● Problem to work on:
Your answer is a copy of every line in the records where "mtree" appears.

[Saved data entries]
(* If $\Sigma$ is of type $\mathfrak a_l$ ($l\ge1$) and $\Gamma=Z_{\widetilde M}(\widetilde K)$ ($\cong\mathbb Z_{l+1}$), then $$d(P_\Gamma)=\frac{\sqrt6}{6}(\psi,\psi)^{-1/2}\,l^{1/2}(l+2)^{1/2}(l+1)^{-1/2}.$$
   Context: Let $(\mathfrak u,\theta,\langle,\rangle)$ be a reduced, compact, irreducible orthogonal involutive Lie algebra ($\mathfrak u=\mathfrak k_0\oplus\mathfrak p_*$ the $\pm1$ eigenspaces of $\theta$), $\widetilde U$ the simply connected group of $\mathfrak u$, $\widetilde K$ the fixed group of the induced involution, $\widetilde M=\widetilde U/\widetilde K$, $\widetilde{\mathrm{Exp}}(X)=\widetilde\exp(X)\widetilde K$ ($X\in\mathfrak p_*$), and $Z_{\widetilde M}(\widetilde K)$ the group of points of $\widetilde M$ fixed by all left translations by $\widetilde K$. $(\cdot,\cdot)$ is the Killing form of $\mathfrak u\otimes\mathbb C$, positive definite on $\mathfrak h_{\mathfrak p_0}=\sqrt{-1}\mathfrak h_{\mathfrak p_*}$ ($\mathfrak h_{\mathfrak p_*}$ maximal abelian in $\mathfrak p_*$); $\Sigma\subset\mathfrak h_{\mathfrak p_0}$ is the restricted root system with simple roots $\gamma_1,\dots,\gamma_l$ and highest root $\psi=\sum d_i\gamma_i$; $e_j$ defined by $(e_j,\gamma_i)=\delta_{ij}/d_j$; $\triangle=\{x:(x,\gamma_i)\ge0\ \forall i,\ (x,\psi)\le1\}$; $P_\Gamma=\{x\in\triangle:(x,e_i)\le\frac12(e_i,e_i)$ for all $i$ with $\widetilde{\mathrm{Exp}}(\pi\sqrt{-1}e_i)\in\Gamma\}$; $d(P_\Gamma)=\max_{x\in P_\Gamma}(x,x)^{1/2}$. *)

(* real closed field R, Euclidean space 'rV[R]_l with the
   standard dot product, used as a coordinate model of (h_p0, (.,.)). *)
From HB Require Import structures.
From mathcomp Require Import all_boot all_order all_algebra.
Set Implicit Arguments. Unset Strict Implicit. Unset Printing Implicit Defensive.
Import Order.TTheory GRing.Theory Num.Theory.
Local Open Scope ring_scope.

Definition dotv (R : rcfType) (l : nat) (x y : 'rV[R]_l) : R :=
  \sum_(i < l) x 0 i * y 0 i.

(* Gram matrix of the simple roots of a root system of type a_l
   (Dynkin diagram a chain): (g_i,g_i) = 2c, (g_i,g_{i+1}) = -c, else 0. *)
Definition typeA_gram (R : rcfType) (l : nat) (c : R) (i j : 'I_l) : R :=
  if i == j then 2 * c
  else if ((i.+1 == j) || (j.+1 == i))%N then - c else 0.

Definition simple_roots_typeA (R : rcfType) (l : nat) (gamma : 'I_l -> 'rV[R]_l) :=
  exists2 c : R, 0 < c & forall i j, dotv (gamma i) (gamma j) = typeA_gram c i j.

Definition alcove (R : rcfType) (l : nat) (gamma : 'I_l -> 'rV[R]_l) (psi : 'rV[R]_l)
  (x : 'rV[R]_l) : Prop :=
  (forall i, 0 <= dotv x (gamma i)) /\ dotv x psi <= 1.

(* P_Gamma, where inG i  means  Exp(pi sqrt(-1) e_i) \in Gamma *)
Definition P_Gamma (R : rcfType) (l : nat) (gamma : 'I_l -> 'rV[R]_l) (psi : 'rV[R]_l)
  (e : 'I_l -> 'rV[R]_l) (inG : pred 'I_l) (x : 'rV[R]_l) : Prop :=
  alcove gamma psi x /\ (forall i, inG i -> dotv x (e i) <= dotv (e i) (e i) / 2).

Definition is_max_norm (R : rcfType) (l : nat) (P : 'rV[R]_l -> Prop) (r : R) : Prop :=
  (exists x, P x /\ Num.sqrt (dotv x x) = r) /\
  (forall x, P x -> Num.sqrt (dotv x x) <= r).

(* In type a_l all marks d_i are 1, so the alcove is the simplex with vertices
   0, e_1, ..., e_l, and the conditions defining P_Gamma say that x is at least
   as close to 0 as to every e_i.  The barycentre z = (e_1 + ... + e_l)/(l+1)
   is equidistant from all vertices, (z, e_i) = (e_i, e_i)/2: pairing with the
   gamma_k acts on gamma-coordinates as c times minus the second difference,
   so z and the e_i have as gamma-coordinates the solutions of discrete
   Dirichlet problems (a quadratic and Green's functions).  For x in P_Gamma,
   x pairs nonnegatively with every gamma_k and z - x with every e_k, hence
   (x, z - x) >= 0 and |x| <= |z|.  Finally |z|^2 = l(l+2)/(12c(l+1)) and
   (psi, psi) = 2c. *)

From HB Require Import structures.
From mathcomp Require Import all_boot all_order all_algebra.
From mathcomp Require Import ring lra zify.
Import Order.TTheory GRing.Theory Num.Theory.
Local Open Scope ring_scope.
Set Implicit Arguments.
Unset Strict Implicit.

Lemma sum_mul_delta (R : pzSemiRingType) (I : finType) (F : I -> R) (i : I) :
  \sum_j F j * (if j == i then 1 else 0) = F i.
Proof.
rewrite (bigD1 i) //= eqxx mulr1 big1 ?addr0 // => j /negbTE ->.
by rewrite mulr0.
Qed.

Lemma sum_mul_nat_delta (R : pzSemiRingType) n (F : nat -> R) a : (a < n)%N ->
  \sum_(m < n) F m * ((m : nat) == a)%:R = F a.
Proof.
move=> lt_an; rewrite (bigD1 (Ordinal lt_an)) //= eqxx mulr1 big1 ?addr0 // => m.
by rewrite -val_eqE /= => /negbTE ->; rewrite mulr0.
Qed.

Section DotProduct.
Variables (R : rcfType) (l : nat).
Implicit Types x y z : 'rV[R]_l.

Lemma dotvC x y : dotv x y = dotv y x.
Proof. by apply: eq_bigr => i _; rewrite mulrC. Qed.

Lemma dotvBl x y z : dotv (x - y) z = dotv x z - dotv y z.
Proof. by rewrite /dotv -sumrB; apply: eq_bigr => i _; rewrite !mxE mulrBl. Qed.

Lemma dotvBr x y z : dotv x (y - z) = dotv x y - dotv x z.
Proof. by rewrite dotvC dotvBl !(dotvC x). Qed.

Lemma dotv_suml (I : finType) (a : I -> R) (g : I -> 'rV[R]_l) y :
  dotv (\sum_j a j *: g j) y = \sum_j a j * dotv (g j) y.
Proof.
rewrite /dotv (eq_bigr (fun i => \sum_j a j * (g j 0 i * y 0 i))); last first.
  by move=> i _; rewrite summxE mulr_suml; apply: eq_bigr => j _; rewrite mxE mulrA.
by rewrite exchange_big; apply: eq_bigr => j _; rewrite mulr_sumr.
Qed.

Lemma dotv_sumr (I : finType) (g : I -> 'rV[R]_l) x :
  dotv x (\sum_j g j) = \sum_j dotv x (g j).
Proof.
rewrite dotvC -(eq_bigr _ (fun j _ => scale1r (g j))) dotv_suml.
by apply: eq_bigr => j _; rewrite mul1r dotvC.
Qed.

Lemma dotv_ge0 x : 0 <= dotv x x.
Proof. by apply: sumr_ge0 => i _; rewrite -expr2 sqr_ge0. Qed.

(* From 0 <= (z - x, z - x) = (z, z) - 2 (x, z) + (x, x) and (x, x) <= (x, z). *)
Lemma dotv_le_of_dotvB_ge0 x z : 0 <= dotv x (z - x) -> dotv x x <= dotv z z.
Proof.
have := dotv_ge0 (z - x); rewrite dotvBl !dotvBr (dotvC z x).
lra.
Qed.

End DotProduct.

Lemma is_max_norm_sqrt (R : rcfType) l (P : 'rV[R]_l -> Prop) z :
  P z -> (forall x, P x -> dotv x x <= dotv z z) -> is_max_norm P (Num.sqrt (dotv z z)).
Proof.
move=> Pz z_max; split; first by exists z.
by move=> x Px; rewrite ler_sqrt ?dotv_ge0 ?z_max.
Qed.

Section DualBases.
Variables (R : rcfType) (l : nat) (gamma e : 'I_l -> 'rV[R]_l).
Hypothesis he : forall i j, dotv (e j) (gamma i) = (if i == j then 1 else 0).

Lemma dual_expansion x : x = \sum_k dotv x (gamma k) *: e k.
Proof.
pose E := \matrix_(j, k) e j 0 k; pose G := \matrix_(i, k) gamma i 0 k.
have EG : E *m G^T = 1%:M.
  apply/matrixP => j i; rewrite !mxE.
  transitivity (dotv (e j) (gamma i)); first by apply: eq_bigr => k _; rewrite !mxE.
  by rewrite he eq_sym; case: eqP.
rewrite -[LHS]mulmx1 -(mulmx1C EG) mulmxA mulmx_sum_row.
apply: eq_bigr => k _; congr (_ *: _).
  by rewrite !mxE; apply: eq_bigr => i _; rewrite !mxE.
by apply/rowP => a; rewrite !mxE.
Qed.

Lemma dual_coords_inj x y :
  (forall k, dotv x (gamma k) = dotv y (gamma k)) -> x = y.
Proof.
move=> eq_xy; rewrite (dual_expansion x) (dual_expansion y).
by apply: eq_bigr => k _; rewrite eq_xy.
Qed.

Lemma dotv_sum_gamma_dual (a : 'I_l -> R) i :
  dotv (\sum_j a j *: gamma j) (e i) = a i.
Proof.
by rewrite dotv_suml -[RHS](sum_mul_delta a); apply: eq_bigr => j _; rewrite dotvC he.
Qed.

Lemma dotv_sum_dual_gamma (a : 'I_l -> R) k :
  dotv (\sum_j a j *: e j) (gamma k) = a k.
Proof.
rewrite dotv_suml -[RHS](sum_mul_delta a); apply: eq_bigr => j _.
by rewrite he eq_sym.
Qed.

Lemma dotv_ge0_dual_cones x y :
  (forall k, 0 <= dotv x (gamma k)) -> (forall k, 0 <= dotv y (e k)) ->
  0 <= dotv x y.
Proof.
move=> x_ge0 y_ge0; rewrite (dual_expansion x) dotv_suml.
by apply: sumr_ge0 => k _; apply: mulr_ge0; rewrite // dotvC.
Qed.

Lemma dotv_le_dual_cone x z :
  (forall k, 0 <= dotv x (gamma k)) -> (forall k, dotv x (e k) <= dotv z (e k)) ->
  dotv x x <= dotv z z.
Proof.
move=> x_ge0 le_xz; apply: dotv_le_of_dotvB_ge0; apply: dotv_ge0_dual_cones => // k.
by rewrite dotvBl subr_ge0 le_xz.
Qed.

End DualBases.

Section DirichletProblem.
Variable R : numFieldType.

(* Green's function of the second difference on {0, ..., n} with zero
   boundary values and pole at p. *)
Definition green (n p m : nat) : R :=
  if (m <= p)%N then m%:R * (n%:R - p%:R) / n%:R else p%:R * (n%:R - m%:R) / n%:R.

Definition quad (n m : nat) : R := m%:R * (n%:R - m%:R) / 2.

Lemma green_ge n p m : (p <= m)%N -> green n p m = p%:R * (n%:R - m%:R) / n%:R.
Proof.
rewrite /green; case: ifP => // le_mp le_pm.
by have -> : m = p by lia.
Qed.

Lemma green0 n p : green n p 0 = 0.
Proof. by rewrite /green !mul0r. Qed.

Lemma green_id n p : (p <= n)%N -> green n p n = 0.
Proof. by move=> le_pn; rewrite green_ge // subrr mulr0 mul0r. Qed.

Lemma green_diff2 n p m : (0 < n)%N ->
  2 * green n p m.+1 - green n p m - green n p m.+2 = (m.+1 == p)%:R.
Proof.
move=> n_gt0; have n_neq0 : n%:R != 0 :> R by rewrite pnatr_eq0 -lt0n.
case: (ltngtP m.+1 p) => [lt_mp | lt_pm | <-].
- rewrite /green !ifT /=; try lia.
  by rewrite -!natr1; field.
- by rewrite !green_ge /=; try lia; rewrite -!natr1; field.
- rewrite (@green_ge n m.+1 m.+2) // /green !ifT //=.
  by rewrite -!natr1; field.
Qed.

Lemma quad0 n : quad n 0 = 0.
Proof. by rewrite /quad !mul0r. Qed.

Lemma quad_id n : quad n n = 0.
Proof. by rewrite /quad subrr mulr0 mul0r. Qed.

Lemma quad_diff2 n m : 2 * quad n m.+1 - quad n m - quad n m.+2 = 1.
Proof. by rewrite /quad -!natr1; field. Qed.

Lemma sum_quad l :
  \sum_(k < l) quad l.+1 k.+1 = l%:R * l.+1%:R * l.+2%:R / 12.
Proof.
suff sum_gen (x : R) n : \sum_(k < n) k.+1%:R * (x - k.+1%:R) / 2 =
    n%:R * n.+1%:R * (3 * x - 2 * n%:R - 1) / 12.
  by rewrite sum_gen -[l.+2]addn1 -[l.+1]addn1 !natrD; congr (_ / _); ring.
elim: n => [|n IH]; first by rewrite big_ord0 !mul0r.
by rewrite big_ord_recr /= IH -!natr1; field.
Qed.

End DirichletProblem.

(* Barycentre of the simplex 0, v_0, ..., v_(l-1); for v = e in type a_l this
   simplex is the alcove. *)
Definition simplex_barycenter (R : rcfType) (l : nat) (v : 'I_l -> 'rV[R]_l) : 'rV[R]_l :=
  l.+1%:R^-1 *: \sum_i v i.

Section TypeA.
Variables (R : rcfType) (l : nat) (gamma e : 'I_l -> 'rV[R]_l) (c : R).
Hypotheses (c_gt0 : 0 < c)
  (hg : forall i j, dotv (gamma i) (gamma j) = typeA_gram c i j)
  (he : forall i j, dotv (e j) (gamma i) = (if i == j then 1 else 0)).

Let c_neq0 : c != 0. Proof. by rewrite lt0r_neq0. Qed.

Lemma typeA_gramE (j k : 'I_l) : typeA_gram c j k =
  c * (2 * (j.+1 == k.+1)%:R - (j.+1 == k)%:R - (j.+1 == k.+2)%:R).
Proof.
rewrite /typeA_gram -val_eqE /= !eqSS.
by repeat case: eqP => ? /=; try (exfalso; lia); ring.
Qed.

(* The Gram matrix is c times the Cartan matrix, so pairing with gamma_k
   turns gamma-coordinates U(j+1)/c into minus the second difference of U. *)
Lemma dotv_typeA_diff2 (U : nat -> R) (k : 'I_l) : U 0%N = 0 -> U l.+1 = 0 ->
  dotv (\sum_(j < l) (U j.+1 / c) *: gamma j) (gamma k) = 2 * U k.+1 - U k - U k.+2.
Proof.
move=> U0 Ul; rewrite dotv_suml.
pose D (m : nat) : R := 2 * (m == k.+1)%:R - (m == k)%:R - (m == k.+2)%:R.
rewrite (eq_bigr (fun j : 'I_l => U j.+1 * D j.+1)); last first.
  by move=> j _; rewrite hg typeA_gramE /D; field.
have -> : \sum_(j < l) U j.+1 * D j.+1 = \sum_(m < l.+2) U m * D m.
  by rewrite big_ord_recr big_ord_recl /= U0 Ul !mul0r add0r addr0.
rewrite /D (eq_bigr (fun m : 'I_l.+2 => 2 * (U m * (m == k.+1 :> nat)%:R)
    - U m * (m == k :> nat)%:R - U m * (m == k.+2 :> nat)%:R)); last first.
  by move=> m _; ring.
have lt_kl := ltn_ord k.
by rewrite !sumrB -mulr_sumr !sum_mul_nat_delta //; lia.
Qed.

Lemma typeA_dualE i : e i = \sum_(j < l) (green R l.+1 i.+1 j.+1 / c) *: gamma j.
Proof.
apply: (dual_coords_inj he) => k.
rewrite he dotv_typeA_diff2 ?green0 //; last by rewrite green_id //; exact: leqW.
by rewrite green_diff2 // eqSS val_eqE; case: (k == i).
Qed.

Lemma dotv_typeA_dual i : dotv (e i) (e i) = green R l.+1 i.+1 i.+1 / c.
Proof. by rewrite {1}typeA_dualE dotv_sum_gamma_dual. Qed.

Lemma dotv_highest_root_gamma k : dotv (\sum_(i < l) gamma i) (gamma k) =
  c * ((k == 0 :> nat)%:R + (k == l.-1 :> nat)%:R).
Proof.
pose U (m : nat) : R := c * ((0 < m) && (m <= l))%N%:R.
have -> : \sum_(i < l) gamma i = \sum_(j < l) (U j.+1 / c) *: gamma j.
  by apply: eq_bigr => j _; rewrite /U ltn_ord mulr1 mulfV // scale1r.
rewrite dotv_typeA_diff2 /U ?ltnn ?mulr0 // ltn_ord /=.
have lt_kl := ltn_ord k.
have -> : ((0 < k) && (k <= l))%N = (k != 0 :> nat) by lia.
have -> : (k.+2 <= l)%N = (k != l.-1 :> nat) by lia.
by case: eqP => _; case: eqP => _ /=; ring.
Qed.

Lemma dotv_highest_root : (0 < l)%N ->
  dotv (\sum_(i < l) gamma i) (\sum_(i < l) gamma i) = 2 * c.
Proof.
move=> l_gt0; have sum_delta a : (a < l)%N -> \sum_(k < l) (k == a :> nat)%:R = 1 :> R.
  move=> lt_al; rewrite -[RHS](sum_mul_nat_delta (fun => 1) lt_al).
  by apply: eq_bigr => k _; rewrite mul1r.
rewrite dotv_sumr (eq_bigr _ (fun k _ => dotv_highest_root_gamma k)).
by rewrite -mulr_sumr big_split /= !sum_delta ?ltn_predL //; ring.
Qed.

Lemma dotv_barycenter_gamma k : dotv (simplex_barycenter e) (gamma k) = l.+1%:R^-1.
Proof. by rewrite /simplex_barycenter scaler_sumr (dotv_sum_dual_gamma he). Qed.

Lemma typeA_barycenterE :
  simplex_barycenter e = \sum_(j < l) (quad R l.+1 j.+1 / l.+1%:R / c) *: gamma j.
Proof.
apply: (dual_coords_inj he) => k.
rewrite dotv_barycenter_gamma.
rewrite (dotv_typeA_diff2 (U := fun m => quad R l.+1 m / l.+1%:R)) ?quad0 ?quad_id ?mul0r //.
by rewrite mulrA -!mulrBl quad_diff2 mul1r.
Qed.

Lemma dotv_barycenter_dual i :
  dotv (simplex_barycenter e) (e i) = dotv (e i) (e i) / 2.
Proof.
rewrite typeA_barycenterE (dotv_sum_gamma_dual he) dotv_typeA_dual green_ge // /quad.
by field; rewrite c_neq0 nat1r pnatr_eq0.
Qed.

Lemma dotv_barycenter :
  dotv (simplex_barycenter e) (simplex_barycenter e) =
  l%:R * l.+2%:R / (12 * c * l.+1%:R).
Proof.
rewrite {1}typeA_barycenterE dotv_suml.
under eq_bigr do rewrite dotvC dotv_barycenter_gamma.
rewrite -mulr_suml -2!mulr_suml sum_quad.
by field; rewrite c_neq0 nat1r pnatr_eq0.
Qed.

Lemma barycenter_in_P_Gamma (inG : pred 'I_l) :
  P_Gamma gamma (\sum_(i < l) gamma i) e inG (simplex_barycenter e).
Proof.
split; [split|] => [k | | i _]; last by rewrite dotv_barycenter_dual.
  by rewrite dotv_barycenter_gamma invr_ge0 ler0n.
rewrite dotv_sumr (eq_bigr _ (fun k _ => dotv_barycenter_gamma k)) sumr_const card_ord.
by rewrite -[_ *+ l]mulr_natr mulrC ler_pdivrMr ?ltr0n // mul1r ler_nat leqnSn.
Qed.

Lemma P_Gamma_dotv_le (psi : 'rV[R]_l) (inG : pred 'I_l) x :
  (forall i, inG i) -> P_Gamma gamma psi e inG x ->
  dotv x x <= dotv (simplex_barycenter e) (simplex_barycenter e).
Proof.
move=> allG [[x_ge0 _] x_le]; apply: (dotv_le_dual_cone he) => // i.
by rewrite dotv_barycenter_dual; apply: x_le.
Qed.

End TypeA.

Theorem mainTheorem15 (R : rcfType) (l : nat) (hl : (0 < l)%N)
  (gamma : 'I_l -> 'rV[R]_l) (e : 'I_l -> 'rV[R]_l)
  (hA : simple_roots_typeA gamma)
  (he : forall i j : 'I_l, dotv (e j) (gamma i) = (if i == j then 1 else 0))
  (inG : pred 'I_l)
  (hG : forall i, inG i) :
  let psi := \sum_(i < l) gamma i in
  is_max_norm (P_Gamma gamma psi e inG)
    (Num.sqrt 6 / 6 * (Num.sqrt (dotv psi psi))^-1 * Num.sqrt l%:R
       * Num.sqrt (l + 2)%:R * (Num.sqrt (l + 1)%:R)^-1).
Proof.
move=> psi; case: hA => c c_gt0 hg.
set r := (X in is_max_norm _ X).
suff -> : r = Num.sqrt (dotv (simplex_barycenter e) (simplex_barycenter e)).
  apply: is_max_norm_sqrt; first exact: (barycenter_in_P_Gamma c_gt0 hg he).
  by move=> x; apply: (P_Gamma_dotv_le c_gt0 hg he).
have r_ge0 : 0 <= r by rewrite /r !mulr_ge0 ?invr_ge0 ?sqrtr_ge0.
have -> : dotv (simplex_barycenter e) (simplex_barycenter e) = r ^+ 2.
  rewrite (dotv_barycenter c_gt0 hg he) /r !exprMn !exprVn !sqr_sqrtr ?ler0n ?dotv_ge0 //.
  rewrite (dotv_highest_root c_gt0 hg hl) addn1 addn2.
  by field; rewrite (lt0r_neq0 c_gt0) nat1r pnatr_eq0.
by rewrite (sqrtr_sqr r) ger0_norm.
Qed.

* * *

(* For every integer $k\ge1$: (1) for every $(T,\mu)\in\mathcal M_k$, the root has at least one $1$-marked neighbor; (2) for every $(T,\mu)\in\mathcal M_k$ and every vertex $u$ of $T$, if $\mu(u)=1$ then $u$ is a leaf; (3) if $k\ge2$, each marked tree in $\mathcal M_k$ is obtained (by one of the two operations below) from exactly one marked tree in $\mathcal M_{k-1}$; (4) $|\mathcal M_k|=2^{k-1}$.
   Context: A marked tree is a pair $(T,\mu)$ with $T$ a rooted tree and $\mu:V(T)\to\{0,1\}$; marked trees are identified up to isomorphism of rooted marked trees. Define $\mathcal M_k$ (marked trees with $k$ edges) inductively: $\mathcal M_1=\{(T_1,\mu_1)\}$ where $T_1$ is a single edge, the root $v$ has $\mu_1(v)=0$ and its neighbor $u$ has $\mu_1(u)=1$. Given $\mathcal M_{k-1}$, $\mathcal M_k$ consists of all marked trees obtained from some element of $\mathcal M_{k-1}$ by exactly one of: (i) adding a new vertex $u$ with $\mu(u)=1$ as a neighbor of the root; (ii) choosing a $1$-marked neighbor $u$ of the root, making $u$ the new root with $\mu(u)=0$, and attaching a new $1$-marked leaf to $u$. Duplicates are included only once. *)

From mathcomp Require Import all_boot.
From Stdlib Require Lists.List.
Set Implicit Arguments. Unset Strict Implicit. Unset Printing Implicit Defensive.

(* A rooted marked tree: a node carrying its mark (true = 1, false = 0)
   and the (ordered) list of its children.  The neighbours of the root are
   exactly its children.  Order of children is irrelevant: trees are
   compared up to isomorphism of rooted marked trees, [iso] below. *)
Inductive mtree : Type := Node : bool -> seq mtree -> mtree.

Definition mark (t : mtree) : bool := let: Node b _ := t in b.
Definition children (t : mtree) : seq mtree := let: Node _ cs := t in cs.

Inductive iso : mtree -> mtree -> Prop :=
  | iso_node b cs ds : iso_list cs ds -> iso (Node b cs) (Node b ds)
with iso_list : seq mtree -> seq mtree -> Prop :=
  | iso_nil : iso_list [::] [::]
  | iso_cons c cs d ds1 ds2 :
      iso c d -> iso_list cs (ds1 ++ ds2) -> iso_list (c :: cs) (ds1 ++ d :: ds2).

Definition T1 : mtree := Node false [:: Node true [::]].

● Solution for this task:
Inductive mtree : Type := Node : bool -> seq mtree -> mtree.
Definition mark (t : mtree) : bool := let: Node b _ := t in b.
Definition children (t : mtree) : seq mtree := let: Node _ cs := t in cs.
Inductive iso : mtree -> mtree -> Prop :=
with iso_list : seq mtree -> seq mtree -> Prop :=
Definition T1 : mtree := Node false [:: Node true [::]].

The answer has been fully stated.